### Description of the task
Where a line holds the word "Node", copy it from the records.

### Exercise materials
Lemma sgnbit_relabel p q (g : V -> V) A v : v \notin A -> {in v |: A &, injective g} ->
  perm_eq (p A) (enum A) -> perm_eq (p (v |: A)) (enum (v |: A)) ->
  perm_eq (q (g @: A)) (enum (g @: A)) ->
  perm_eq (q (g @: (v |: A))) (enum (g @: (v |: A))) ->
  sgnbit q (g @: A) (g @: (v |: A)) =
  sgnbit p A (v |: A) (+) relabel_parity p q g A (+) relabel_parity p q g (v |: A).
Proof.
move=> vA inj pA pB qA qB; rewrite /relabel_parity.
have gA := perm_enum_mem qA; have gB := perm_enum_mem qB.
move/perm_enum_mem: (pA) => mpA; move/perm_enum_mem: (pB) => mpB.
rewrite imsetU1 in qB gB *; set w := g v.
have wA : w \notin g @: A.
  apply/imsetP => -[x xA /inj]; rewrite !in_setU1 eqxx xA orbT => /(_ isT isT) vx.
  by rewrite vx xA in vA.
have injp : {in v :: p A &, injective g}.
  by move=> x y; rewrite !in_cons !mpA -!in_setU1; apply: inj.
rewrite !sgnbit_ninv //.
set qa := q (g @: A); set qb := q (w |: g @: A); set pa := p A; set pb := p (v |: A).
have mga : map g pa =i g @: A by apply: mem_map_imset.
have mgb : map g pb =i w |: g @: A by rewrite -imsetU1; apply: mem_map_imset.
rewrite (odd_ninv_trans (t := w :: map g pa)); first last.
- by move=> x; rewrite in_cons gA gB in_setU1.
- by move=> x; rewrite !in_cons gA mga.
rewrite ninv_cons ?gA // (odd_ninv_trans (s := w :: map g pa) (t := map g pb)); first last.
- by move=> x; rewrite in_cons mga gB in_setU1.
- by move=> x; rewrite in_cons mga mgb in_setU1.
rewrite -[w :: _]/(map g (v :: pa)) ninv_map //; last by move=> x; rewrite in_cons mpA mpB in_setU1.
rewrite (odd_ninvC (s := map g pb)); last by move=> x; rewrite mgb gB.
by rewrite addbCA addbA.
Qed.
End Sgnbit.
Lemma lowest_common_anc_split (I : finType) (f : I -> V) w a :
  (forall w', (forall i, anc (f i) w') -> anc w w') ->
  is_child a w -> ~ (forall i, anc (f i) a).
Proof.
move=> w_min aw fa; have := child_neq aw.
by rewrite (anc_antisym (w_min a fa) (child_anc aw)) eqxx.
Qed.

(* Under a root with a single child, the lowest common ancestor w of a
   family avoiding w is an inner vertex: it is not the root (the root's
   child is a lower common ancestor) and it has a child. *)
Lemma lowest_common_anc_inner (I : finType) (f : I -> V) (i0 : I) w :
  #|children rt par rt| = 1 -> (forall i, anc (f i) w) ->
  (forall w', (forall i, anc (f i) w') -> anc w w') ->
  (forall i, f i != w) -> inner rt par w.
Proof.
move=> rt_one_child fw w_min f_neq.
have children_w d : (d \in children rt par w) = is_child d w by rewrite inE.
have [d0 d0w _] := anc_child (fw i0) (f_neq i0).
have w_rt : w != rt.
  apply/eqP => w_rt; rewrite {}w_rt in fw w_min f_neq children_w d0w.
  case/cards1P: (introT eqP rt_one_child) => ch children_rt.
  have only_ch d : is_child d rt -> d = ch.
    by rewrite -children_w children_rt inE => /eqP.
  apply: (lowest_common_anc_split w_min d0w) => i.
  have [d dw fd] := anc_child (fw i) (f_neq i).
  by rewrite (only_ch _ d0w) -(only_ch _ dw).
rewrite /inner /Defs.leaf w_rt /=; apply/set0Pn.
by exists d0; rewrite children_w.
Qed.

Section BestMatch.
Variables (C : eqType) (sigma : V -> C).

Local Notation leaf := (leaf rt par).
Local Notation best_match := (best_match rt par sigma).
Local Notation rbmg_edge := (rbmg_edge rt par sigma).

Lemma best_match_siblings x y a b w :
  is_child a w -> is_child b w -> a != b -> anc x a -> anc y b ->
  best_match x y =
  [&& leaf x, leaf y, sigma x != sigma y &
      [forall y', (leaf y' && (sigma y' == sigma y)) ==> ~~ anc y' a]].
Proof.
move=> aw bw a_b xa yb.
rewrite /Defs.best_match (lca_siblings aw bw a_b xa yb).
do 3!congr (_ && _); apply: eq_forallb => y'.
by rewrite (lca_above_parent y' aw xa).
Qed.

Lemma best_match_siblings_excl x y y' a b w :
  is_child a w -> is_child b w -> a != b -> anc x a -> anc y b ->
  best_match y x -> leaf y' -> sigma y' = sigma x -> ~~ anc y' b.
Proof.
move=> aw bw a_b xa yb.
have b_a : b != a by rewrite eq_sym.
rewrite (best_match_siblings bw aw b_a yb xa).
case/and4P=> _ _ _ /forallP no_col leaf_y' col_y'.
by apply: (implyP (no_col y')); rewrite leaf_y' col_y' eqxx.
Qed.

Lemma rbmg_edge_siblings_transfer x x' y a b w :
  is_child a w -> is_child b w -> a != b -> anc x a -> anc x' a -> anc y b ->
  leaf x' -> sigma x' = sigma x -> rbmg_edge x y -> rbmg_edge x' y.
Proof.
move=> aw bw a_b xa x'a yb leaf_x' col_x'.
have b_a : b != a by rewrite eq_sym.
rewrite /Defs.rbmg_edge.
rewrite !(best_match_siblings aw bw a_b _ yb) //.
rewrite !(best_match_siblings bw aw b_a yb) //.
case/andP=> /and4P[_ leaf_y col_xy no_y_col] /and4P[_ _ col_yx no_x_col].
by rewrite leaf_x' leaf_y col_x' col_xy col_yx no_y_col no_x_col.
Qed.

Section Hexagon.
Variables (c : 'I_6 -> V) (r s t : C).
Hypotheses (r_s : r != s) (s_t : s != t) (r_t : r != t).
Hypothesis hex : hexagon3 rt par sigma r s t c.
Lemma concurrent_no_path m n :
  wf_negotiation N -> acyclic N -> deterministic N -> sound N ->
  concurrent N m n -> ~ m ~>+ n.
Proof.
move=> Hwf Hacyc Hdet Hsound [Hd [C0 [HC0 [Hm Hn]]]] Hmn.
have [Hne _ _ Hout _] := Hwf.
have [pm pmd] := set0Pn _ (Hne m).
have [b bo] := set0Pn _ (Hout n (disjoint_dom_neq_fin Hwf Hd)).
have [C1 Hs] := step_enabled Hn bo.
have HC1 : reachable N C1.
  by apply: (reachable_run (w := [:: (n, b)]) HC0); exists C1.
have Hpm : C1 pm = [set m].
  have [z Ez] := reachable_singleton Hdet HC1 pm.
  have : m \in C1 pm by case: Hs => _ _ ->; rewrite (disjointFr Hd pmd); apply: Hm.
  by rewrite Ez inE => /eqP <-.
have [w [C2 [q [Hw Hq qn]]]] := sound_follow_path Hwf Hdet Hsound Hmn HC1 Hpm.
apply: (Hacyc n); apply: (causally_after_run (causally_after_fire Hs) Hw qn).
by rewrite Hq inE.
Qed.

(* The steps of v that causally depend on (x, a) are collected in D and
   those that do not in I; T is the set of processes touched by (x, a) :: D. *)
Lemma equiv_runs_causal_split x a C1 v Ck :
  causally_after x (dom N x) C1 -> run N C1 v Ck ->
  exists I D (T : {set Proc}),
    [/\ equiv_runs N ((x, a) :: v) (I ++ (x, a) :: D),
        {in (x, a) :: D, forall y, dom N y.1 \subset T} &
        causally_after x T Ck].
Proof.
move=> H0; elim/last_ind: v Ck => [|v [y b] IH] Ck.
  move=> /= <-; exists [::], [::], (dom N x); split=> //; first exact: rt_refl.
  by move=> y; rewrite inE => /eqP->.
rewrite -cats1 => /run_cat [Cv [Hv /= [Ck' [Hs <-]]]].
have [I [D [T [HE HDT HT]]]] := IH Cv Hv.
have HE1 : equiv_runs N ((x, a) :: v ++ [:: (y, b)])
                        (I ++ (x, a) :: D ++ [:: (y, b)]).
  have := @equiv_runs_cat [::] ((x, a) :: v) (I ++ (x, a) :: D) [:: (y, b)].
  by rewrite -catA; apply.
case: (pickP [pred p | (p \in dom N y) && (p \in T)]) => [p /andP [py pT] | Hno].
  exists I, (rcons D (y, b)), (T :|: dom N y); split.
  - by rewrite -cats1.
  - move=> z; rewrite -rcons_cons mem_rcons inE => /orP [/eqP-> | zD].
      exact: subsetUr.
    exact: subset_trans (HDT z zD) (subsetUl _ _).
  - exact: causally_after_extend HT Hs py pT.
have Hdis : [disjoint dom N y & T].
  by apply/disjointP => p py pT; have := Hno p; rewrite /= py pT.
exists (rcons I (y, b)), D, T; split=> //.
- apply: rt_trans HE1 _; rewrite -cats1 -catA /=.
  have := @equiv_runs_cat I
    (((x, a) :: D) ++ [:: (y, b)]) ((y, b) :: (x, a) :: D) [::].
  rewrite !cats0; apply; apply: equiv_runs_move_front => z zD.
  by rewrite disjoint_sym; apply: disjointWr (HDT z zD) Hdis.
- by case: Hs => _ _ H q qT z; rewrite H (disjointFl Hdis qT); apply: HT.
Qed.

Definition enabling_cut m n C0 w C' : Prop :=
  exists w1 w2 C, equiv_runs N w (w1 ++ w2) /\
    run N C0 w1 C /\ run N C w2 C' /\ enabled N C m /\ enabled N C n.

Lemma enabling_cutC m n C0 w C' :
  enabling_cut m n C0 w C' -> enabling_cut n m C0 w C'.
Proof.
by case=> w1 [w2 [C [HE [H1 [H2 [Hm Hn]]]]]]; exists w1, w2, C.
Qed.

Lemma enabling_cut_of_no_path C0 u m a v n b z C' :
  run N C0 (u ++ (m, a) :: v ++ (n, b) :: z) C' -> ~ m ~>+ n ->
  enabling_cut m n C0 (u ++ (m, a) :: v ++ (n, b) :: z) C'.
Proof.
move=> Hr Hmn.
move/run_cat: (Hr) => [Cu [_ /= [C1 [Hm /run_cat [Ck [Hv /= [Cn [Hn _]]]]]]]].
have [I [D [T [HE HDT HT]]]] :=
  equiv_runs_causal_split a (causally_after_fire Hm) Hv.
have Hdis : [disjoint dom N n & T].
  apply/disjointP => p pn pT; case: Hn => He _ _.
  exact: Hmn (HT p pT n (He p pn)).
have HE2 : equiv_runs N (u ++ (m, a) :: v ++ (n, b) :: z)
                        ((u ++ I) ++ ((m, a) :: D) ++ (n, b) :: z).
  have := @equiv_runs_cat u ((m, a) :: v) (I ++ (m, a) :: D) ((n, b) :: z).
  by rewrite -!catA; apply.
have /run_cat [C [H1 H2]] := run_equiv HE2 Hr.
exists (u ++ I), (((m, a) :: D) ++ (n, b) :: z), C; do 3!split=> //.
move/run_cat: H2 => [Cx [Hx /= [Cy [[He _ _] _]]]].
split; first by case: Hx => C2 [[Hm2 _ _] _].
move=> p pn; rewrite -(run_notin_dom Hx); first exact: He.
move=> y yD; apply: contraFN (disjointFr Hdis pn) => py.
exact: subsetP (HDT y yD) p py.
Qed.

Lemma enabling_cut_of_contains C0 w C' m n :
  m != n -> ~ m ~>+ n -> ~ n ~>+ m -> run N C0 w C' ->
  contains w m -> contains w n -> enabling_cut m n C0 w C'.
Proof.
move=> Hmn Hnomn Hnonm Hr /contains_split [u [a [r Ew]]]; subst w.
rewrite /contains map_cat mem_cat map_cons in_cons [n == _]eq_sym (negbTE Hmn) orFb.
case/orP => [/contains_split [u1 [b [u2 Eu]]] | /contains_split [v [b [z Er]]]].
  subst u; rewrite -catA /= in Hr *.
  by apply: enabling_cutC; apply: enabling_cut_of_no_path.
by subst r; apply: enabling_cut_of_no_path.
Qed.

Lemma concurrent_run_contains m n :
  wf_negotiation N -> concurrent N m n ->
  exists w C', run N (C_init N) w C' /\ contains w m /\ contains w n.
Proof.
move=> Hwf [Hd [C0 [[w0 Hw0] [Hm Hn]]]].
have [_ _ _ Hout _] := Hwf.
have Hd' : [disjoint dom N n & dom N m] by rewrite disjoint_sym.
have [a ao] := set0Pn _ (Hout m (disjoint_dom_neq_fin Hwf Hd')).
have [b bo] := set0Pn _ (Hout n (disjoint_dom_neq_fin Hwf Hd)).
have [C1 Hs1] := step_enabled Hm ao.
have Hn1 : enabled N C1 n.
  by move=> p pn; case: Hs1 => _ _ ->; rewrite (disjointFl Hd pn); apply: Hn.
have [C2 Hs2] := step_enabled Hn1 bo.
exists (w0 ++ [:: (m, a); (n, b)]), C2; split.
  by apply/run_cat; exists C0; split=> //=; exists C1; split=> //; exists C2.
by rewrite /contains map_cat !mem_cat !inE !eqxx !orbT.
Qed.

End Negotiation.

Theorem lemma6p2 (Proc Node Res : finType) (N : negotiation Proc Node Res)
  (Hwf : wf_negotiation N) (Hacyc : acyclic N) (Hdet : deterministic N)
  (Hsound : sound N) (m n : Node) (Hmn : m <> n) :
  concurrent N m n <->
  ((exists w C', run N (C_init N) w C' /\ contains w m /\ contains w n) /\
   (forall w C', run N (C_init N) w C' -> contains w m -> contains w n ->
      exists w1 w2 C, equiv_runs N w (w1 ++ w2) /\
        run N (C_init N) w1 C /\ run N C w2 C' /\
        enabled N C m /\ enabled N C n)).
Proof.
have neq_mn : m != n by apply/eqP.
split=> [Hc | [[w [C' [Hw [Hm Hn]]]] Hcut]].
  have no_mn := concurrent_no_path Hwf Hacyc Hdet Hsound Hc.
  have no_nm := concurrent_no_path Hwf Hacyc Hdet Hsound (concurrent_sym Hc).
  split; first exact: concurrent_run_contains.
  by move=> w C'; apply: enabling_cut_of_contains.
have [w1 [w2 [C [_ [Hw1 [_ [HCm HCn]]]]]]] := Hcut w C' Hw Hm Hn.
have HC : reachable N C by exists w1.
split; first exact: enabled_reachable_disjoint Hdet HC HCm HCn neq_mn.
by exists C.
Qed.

### Answer for the task
Theorem lemma6p2 (Proc Node Res : finType) (N : negotiation Proc Node Res)
  (Hsound : sound N) (m n : Node) (Hmn : m <> n) :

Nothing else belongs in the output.